Source material Start Marker

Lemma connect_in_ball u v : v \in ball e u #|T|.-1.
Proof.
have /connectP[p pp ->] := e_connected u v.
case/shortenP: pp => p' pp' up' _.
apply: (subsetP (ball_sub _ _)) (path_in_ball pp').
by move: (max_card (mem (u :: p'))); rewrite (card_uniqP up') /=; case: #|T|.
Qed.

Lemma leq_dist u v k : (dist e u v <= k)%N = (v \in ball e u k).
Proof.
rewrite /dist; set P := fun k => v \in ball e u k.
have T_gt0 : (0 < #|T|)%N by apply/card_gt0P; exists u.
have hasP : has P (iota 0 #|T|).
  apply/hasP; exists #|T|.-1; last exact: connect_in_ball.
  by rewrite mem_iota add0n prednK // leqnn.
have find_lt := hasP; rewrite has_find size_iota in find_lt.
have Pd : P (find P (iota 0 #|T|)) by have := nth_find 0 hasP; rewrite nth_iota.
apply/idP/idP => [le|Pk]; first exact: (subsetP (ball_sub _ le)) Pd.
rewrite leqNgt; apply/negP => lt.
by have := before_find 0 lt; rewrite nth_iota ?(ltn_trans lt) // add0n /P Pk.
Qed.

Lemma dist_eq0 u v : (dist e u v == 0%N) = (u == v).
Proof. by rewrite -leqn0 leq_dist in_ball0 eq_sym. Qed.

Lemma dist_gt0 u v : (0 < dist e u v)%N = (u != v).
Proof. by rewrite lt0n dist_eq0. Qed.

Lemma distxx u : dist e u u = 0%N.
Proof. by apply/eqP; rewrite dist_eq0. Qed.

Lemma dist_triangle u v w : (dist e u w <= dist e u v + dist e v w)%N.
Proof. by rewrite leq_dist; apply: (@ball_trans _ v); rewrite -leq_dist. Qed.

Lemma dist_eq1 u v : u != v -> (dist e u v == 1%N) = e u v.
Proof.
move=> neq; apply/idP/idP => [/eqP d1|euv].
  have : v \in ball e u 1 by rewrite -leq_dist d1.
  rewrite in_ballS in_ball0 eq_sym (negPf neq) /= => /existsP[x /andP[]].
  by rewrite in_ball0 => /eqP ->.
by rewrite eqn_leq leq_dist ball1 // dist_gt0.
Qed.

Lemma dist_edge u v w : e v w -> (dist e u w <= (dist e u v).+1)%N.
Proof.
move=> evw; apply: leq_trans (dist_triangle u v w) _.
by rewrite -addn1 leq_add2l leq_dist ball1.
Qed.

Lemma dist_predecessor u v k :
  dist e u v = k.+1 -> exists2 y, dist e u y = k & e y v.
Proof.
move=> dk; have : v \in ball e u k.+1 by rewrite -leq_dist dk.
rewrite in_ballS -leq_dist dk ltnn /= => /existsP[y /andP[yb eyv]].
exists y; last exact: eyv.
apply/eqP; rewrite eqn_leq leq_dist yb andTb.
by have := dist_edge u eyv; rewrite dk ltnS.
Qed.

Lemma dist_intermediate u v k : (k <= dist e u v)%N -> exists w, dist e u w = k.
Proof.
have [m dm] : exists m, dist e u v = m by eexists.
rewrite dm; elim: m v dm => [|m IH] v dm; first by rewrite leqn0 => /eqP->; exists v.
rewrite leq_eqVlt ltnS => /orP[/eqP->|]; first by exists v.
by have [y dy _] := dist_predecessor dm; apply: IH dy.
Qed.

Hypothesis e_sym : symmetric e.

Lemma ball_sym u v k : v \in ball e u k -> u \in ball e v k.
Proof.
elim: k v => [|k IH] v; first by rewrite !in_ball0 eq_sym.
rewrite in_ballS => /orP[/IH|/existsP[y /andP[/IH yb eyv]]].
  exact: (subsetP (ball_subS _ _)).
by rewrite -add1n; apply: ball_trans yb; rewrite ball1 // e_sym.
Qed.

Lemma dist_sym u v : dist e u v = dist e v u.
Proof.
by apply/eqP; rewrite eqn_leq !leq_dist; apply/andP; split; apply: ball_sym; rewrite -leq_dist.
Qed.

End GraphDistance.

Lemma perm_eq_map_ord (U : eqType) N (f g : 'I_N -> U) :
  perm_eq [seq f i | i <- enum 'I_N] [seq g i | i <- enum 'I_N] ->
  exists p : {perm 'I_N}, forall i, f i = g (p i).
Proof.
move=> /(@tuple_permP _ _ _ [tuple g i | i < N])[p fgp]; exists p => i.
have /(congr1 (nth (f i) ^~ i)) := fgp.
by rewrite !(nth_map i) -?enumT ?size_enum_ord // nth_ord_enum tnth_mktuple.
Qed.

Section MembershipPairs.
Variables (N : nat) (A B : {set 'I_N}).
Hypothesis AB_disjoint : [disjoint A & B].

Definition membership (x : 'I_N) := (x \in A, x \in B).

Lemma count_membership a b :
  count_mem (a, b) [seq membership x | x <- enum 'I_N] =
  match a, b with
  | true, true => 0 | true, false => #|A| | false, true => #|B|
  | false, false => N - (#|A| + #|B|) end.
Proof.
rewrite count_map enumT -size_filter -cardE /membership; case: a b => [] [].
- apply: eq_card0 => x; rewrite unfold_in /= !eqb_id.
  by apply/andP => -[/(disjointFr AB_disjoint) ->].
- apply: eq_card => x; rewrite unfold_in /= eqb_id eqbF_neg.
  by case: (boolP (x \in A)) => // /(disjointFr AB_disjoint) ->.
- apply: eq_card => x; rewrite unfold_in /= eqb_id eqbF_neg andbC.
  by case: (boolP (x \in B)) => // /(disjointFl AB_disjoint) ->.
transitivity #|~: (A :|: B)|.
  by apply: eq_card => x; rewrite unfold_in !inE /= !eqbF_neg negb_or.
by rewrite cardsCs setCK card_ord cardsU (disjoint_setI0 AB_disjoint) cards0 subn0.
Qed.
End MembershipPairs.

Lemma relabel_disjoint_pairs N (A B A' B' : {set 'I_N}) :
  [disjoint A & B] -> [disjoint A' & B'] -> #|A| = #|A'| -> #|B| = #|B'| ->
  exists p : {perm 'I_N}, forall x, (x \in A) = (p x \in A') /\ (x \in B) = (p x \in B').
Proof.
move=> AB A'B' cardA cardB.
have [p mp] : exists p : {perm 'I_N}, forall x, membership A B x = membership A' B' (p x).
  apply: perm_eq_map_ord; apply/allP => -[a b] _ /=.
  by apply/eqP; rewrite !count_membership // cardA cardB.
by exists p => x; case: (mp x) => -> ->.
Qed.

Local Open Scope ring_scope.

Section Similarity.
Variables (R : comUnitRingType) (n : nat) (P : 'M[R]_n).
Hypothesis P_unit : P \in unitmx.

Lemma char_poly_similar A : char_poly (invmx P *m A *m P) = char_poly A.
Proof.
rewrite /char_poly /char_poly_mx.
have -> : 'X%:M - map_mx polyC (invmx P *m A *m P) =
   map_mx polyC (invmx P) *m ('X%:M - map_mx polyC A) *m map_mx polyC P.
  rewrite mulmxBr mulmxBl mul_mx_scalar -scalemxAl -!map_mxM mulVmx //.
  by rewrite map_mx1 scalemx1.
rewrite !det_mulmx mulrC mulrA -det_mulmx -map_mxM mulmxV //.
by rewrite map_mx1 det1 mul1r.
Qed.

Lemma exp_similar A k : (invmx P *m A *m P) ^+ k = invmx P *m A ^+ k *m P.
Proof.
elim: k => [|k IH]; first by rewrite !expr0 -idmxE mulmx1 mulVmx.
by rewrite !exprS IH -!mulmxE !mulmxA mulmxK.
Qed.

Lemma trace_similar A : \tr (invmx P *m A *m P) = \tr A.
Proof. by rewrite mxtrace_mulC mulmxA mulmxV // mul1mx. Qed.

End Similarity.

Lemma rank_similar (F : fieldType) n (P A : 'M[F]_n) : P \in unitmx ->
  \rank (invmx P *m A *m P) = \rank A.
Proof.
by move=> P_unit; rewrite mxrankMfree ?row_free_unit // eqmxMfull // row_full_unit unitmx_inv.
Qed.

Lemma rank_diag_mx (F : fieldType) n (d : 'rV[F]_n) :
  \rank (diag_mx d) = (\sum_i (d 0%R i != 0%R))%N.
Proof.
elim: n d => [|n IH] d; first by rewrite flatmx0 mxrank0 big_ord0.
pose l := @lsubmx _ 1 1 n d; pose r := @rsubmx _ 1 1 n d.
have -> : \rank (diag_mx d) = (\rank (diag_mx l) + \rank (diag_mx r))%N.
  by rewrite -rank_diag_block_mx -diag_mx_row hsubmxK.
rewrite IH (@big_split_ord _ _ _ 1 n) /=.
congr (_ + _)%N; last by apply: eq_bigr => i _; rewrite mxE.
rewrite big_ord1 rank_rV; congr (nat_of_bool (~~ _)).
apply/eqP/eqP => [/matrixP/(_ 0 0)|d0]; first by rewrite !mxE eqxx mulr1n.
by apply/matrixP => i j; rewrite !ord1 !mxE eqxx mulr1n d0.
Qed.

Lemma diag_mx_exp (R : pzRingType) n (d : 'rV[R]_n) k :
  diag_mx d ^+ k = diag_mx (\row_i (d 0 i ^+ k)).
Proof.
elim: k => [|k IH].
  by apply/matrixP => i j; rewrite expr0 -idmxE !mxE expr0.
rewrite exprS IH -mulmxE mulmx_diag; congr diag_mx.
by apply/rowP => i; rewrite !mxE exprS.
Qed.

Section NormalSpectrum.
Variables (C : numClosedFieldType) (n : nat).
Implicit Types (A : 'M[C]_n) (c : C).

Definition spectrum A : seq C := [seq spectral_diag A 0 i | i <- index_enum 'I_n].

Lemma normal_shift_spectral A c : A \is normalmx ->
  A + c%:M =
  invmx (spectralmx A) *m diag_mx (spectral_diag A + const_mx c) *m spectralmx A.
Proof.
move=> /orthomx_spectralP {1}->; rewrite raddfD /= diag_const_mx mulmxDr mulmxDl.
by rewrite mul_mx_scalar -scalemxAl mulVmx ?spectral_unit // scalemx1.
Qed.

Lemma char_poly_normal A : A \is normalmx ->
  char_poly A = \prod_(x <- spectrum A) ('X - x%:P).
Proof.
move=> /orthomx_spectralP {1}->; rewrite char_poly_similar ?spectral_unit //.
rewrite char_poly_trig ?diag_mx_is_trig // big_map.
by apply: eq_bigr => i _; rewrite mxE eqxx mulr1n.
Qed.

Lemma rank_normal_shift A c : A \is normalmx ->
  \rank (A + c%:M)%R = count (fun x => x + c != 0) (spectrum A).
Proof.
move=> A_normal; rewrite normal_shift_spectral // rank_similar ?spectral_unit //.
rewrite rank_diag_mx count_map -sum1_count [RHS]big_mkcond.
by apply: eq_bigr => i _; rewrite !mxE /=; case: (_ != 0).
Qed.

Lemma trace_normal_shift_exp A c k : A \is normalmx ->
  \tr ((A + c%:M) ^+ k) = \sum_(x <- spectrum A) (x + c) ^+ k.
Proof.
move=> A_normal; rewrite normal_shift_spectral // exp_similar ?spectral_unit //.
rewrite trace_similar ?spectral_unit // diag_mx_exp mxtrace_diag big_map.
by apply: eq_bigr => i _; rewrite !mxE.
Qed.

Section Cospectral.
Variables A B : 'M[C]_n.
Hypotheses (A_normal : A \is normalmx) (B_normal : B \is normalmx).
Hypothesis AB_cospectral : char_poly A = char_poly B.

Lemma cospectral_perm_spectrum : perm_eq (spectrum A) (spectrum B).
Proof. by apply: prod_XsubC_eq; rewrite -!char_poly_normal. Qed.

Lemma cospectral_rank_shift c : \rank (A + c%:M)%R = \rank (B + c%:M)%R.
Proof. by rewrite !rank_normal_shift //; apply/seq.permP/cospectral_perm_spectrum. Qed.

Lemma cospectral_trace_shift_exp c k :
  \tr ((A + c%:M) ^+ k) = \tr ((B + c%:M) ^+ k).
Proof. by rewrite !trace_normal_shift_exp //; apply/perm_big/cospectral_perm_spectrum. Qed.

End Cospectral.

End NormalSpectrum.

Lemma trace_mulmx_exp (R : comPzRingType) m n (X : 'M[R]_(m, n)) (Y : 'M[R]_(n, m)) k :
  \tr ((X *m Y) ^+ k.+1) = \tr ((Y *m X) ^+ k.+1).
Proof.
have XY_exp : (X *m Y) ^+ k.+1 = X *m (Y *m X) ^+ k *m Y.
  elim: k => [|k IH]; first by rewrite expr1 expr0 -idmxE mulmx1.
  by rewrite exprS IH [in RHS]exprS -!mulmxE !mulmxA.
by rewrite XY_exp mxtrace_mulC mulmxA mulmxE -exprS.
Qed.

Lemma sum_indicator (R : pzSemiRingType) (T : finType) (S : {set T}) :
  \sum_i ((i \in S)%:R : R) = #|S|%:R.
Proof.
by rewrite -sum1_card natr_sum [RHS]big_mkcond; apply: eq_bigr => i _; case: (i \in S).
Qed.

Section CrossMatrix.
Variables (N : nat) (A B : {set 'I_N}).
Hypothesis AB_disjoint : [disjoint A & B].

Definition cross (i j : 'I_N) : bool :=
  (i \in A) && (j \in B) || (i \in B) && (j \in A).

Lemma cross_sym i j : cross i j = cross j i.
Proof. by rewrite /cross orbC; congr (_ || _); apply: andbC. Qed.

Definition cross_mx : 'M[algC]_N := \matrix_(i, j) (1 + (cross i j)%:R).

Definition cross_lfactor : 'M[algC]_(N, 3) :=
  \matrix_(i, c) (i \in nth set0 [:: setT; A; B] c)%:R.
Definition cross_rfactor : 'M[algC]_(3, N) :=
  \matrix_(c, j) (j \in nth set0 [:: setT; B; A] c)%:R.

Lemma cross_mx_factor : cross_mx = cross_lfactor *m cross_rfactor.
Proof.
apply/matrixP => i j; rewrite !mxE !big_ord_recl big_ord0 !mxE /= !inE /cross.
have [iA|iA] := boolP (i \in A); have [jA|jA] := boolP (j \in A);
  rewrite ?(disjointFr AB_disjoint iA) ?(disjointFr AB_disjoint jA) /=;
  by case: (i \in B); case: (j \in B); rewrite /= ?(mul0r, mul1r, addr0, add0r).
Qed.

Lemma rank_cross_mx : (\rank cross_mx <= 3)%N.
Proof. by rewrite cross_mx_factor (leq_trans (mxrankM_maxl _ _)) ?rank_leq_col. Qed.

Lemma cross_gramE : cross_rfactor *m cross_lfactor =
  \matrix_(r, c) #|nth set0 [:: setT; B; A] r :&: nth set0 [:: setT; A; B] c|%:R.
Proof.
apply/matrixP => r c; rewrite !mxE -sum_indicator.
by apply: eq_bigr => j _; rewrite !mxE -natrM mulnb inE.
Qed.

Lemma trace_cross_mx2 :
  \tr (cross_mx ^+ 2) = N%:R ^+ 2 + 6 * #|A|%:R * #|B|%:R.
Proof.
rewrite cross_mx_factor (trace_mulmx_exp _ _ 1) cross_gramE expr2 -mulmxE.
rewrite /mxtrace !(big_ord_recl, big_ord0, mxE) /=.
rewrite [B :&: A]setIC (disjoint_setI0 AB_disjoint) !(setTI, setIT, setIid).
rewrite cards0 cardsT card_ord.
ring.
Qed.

Source material End Marker
Source material Start Marker

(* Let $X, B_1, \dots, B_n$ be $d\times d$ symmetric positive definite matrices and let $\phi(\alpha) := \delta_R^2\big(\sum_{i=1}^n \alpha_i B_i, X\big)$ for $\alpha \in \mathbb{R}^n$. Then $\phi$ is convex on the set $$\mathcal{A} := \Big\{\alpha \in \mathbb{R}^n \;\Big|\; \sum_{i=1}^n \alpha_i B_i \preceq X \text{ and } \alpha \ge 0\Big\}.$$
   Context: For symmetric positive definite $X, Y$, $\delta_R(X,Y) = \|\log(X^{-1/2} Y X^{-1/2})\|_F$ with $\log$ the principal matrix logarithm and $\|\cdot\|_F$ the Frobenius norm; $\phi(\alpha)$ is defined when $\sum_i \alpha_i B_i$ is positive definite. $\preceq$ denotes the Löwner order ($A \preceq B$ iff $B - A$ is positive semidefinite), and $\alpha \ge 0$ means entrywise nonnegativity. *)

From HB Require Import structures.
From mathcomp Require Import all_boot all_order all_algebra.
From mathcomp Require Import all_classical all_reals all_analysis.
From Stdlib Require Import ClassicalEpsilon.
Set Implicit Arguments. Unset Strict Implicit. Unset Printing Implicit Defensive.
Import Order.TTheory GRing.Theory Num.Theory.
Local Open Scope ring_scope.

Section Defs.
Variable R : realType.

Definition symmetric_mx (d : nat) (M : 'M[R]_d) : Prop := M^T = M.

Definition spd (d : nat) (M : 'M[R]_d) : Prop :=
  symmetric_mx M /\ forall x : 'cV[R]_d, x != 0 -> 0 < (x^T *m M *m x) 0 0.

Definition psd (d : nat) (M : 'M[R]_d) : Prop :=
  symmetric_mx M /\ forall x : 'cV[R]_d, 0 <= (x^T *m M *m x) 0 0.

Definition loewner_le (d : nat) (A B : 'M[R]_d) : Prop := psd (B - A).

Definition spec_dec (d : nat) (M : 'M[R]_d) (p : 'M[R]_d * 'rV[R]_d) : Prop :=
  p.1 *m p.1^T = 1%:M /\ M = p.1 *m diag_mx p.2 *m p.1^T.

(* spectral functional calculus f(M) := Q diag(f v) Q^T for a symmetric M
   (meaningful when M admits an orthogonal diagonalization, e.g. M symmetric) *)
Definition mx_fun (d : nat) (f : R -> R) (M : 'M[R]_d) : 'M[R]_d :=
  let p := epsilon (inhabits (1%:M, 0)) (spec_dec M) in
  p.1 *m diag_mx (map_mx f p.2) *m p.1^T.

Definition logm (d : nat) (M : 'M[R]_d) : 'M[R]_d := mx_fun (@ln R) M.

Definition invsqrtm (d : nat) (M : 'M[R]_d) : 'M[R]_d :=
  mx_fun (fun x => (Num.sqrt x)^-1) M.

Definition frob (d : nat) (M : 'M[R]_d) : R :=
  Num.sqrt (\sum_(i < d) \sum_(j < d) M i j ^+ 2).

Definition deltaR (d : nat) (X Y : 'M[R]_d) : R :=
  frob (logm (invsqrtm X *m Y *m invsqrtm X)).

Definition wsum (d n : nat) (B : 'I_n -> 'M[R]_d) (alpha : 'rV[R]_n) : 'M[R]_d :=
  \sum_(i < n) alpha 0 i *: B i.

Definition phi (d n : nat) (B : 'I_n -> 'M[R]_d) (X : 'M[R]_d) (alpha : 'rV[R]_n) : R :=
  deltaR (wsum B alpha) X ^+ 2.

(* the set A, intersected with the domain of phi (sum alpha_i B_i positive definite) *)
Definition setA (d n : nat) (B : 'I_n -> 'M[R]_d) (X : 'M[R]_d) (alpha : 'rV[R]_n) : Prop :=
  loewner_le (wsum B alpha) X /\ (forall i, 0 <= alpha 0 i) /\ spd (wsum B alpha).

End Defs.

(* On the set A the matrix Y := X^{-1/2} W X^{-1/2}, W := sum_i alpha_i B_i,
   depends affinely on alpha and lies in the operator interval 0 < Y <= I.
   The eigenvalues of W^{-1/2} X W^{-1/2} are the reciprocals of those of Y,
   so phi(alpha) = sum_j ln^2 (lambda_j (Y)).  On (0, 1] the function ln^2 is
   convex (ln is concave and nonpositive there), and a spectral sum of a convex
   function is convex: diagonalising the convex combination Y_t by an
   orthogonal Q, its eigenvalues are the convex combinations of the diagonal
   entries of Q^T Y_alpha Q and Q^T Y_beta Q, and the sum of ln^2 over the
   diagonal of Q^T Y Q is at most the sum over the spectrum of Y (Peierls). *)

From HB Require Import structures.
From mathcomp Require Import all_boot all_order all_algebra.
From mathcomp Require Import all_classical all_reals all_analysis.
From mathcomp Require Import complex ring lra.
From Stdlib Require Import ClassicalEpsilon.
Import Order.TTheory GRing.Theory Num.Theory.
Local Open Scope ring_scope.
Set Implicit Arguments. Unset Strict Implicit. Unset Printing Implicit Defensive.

Source material End Marker

Exercise description: In the entries above, one line contains "by move: (max_card" and another contains "Lemma distxx u : dist e u u = 0%N.". Reproduce exactly those two lines and the lines between them, nothing else.

Problem solution:
by move: (max_card (mem (u :: p'))); rewrite (card_uniqP up') /=; case: #|T|.
Qed.

Lemma leq_dist u v k : (dist e u v <= k)%N = (v \in ball e u k).
Proof.
rewrite /dist; set P := fun k => v \in ball e u k.
have T_gt0 : (0 < #|T|)%N by apply/card_gt0P; exists u.
have hasP : has P (iota 0 #|T|).
  apply/hasP; exists #|T|.-1; last exact: connect_in_ball.
  by rewrite mem_iota add0n prednK // leqnn.
have find_lt := hasP; rewrite has_find size_iota in find_lt.
have Pd : P (find P (iota 0 #|T|)) by have := nth_find 0 hasP; rewrite nth_iota.
apply/idP/idP => [le|Pk]; first exact: (subsetP (ball_sub _ le)) Pd.
rewrite leqNgt; apply/negP => lt.
by have := before_find 0 lt; rewrite nth_iota ?(ltn_trans lt) // add0n /P Pk.
Qed.

Lemma dist_eq0 u v : (dist e u v == 0%N) = (u == v).
Proof. by rewrite -leqn0 leq_dist in_ball0 eq_sym. Qed.

Lemma dist_gt0 u v : (0 < dist e u v)%N = (u != v).
Proof. by rewrite lt0n dist_eq0. Qed.

Lemma distxx u : dist e u u = 0%N.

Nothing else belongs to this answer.